<<<<

(* Let $(X,\mu)$ be a standard Borel space with a non-atomic Borel probability measure, let $E_1,E_2,E_3$ be SP1 equivalence relations on $X$, and define $R_{ij},R_0,R_i,E_i^\circ,R_{ij}^\circ$ as in the context. Suppose $E_1\vee E_2\vee E_3$ is a triangle join over $R_{12},R_{23},R_{13}$, and let $R=R_1\vee R_2\vee R_3=R_{12}\vee R_{23}\vee R_{13}$. Then for each $i\in\{1,2,3\}$, $E_i\vee R$ is the free amalgamated join $E_i\ast_{R_i}R$ of $E_i$ and $R$ over $R_i$, and $E=E_1\vee E_2\vee E_3$ is the free amalgamated join over $R$ of the three relations $E_i\ast_{R_i}R$, $i=1,2,3$; that is, \[E=\ast_{R,\,i=1}^{3}\bigl(E_i\ast_{R_i}R\bigr).\]
   Context: An SP1 equivalence relation on a standard Borel space $X$ with a non-atomic Borel probability measure $\mu$ is an equivalence relation $R\subset X\times X$ that is Borel, has countable classes, and preserves $\mu$. $S\vee T$ (and $S_1\vee\cdots\vee S_m$) denotes the smallest SP equivalence relation containing the given relations. Free amalgamated join: let $S_1,\dots,S_m$ be SP1 relations with a common subrelation $T$. A sequence $x_1,\dots,x_n$ is reduced if each $(x_k,x_{k+1})$ belongs to some $S_a$, two successive pairs belong to distinct factors, for $n>2$ no pair belongs to $T$, and for $n=2$, $x_1\ne x_2$. $S_1\vee\cdots\vee S_m$ is the free amalgamated join of the $S_a$ over $T$ (written $\ast_T S_a$) if every reduced sequence has distinct endpoints (up to a set of measure zero). Setup: for SP1 relations $E_1,E_2,E_3$ on $X$ put $R_{ij}=R_{ji}=E_i\cap E_j$ ($i\ne j$), $R_0=E_1\cap E_2\cap E_3$, and for $\{i,j,k\}=\{1,2,3\}$: $R_i=R_{ij}\vee R_{ik}$, $E_i^{\circ}=E_i\setminus R_i$, $R_{ij}^{\circ}=R_{ij}\setminus R_0$. A sequence $x_1,\dots,x_n$ in $X$ is triangle-reduced if: (a) every consecutive pair lies in one of $E_1^\circ,E_2^\circ,E_3^\circ,R_{12}^\circ,R_{13}^\circ,R_{23}^\circ$ (its type); (b) if $(x_k,x_{k+1})\in E_l^\circ$ with $\{i,j,l\}=\{1,2,3\}$, each neighbouring pair (when it exists) lies in $E_i^\circ\sqcup E_j^\circ\sqcup R_{ij}^\circ$; (c) if $(x_k,x_{k+1})\in R_{ij}^\circ$ with $\{i,j,l\}=\{1,2,3\}$, each neighbouring pair (when it exists) lies in $E_l^\circ\sqcup R_{il}^\circ\sqcup R_{jl}^\circ$. It is proper of type I if its set of types contains one of $\{E_1^\circ,R_{23}^\circ\}$, $\{E_2^\circ,R_{13}^\circ\}$, $\{E_3^\circ,R_{12}^\circ\}$, $\{E_1^\circ,E_2^\circ\}$, $\{E_2^\circ,E_3^\circ\}$, $\{E_1^\circ,E_3^\circ\}$; proper of type II if its types include all of $R_{12}^\circ,R_{13}^\circ,R_{23}^\circ$ and none of the $E_i^\circ$. A loop is a sequence with $x_1=x_n$. $E_1\vee E_2\vee E_3$ is a triangle join over $R_{12},R_{23},R_{13}$ if every proper triangle-reduced sequence of type I has distinct endpoints and every proper triangle-reduced loop of type II is a concatenation of $R_i$-loops (closed subsequences whose consecutive pairs all lie in a single $R_i$). *)

From HB Require Import structures.
From mathcomp Require Import all_boot all_order all_algebra.
From mathcomp Require Import boolp classical_sets functions cardinality reals ereal.
From mathcomp Require Import measure lebesgue_measure probability.
Set Implicit Arguments.
Unset Strict Implicit.
Unset Printing Implicit Defensive.
Import Order.TTheory GRing.Theory Num.Theory.
Local Open Scope classical_set_scope.
Local Open Scope ring_scope.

>>>>

## About this task
How many lines in the records above contain the string "From"? State the number and nothing more.

## Exercise output
4